Его позвали домой. Баба ушел, шаркая ногами, оставив меня наедине с фьяской. Я бродил в чахлой тени олив. Огромная тяжесть сдавила мне грудь. Я лег на спину. Мне казалось, что лежа мне будет не так тяжело. Я всегда поступал так, испытывая физическую боль. Мне было не только тяжело, но и больно. Я закрыл глаза. Я говорил сам с собой. Каждое слово отдавалось внутри меня мучительной болью. «Боже мой! Боже мой!» — восклицал я. Если бы я мог заплакать. Если бы я мог заснуть.
Я повернулся и увидел лицо склонившегося надо мной Баба.
— Тебе плохо? — спрашивал он.
Я ответил, что нет. Я встал и сказал ему, что решил идти в партизаны.
— Пошли домой, — сказал Баба. — Забирай фьяску, и идем. Мне прислали колбасы для партизан. Ночью я ее переправлю.
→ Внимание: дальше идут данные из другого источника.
(* Cut is eliminated one formula at a time, by induction on the cut formula A
   and then on the cut-free derivation of the left premise D |- A.  Left and
   structural rules ending that derivation commute with the cut.  If it ends
   with a right rule for A, the copies of A in the right premise are traced
   through its whole derivation at once (contraction may duplicate them): each
   copy is either carried along unchanged or, where a left rule introduces it,
   the two rules are reduced to cuts on the immediate subformulas of A.  The
   conclusion of a simple structural rule is linear, so a copy of A inside an
   instance of it lies in exactly one of the substituted bunches. *)

From Stdlib Require Import List PeanoNat.

Fixpoint ctx_comp (C1 C2 : bctx) : bctx :=
  match C1 with
  | CHole => C2
  | CCommaL C B => CCommaL (ctx_comp C C2) B
  | CCommaR B C => CCommaR B (ctx_comp C C2)
  | CSemiL C B => CSemiL (ctx_comp C C2) B
  | CSemiR B C => CSemiR B (ctx_comp C C2)
  end.

Lemma fill_ctx_comp C1 C2 X : fill (ctx_comp C1 C2) X = fill C1 (fill C2 X).
Proof. induction C1; simpl; congruence. Qed.

Lemma bequiv_fill C X Y : bequiv X Y -> bequiv (fill C X) (fill C Y).
Proof.
  intros HXY; induction C; simpl; auto.
  all: first [apply beq_comma_cong | apply beq_semi_cong]; auto using beq_refl.
Qed.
А что, если нам начать эту колбасу? Ведь теперь ты тоже партизан.
Мы начали колбасу. Мы ели, пили и курили. «Вот это — жизнь! — думал я. — Поел, выпил, покурил, а ночью ушел к партизанам!» Раз десять я спрашивал у Баба, кто будет моим проводником и какой дорогою мы пойдем. Мы шутили, и я дошел до того, что хлопал его по плечу.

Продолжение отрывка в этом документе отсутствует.